The Company shall review the dispute and issue a written response within ten (10) business days of receipt.
13.2. ARBITRATION
If the dispute is not resolved through mediation within sixty (60) days from its initiation, the dispute shall be referred to and finally resolved by arbitration under the Rules of Arbitration of the International Chamber of Commerce (ICC), which rules are deemed to be incorporated by reference into this clause. The arbitration tribunal shall consist of one arbitrator, appointed in accordance with the ICC rules. The seat of arbitration shall be Dubai, United Arab Emirates, and the language of arbitration shall be English.
13.3. GOVERNING LAW AND JURISDICTION
These Terms shall be governed by and construed in accordance with the England and Wales laws.

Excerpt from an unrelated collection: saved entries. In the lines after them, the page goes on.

Lemma eta_pm_path (x : 'rV[R]_m) (s : cellW K) : cell pos (sval s) x ->
  (exists pi : R -> 'rV[R]_m,
     [/\ {within `[0, 1], continuous pi},
         (forall r : R, 0 <= r <= 1 -> polyhedron pos K (pi r)),
         pi 0 = x, Qg (pi 1) & forall r : R, 0 <= r < 1 -> Qf (pi r)]) ->
  Pf s /\ exists l (pi : nat -> cellW K),
    [/\ pm_path cle s l pi, Pg (pi l) & forall i, (0 < i < l)%N -> Pf (pi i)].
Proof.
move=> xs [p [p_cont pP p0 pQg pQf]]; rewrite -p0 in xs.
split; first by apply/(QPf xs)/pQf; rewrite lexx ltr01.
have p01 : 0 <= (1:R) <= 1 by rewrite ler01 lexx.
have [d d0 near_1] := path_cell_le_near HK p_cont p01 (pP 1 p01).
have [u u01 u1] : exists2 u : R, 0 <= u < 1 & `|1 - u| < d.
  have [d_le1|d_gt1] := lerP d 1.
    by exists (1 - d / 2); [apply/andP; split | rewrite ger0_norm]; lra.
  by exists 2^-1; [apply/andP; split | rewrite ger0_norm]; lra.
have [cu cuu zz] := path_zigzag p_cont pP xs pQf u01.
have [c1 c11] := polyhedron_cell HK (pP 1 p01).
apply: (zigzag_pm_path cell_le_refl zz).
  by apply: near_1 u1 c11 cuu; case/andP: u01 => -> /ltW.
exact/(QPg c11).
Qed.

Lemma pm_path_eta (x : 'rV[R]_m) (s : cellW K) : cell pos (sval s) x ->
  Pf s -> (exists l (pi : nat -> cellW K),
    [/\ pm_path cle s l pi, Pg (pi l) & forall i, (0 < i < l)%N -> Pf (pi i)]) ->
  exists pi : R -> 'rV[R]_m,
     [/\ {within `[0, 1], continuous pi},
         (forall r : R, 0 <= r <= 1 -> polyhedron pos K (pi r)),
         pi 0 = x, Qg (pi 1) & forall r : R, 0 <= r < 1 -> Qf (pi r)].
Proof.
move=> xs Pfs [l [pi [pi_path piPg piPf]]].
have piQf i : (i < l)%N -> cell pos (sval (pi i)) `<=` Qf.
  move=> il y yc; apply/(QPf yc); case: i il yc => [|i] il yc.
    by case: pi_path => _ ->.
  exact: piPf.
have [z zc [q [q_cont qP q0 q1 qQf]]] := pm_path_reach xs pi_path piQf.
by exists q; split=> //; rewrite q1; apply/(QPg zc).
Qed.

End Formulas.

Lemma tsatE_psatG (PL : Type) (V : PL -> set 'rV[R]_m) (phi : formE PL) :
  polyhedral_valuation pos K V ->
  forall (x : 'rV[R]_m) (s : cellW K), cell pos (sval s) x ->
    tsatE R (polyhedron pos K) V phi x <-> psatG cle (cell_val pos V) (enc phi) s.
Proof.
move=> HV; elim: phi => [p|f IHf|f IHf g IHg|f IHf g IHg] x s xs /=.
- exact: cell_valP.
- by rewrite (IHf x s xs).
- by rewrite (IHf x s xs) (IHg x s xs).
- split; first exact: eta_pm_path IHf IHg x s xs.
  by case; exact: pm_path_eta IHf IHg x s xs.
Qed.

End EtaModality.

Theorem lemma4 (R : realType) (m : nat) (PL : Type) (Vt : finType)
    (pos : Vt -> 'rV[R]_m) (K : {set {set Vt}}) (V : PL -> set 'rV[R]_m) :
  is_simplicial_complex pos K ->
  polyhedral_valuation pos K V ->
  forall (x : 'rV[R]_m), polyhedron pos K x ->
  forall (s : cellW K), cell pos (sval s) x ->
  forall phi : formE PL,
    tsatE R (polyhedron pos K) V phi x <->
    psatG (@cell_le R m Vt pos K) (cell_val pos V) (enc phi) s.
Proof. by move=> HK HV x _ s xs phi; exact: tsatE_psatG. Qed.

13.4. COLLECTIVE CONSUMER CLAIMS WAIVER
To the fullest extent permitted by law, disputes shall be resolved on an individual basis, and neither party may bring a claim as a plaintiff or a class member in a class, collective, or representative action.
14. MISCELLANEOUS
14.1. ENTIRE AGREEMENT
These Affiliate Terms, along with the Privacy Policy and any additional agreements referenced herein, constitute the entire agreement between you and the Company with respect to your participation in the Program. They supersede and replace any prior or contemporaneous agreements, communications, and understandings, whether oral or written, related to the subject matter.
14.2. SEVERABILITY
If any provision of these Affiliate Terms is found to be invalid, illegal, or unenforceable under applicable law, such provision shall be deemed severed and the remaining provisions of these Affiliate Terms shall remain valid and enforceable to the fullest extent permitted by law.
14.3. NO WAIVER
Failure or delay by us to exercise any right, remedy, or privilege under these Affiliate Terms shall not constitute a waiver of that right or any other rights hereunder. Any waiver must be in writing and signed by an authorized representative of the Company.
14.4. ASSIGNMENT
You may not assign, transfer, or delegate your rights or obligations under these Affiliate Terms without prior written consent from us. We may freely assign or transfer our rights and obligations under these Affiliate Terms to any affiliate or successor entity as part of a merger, acquisition, reorganization, or sale of assets.
14.5. THIRD-PARTY RIGHTS
Except as expressly stated in these Affiliate Terms, no provision shall be enforceable by any person or entity who is not a party to these Affiliate Terms.
14.6. NOTICES
All notices, requests, or communications required or permitted to be given under these Terms must be sent via email to the official contact email listed on our website admin@hash-hedge.com. Notices to users will be sent to the email address associated with their account.
14.7. GOVERNING LANGUAGE
These Terms are drafted in English and any translation is for convenience only. In the event of a conflict between the English version and any translation, the English version shall prevail.
14.8. RELATIONSHIP OF THE PARTIES
Nothing in these Terms shall be construed as creating a joint venture, partnership, or agency relationship between you and us. Both parties agree that their relationship is strictly that of an independent contractor and customer.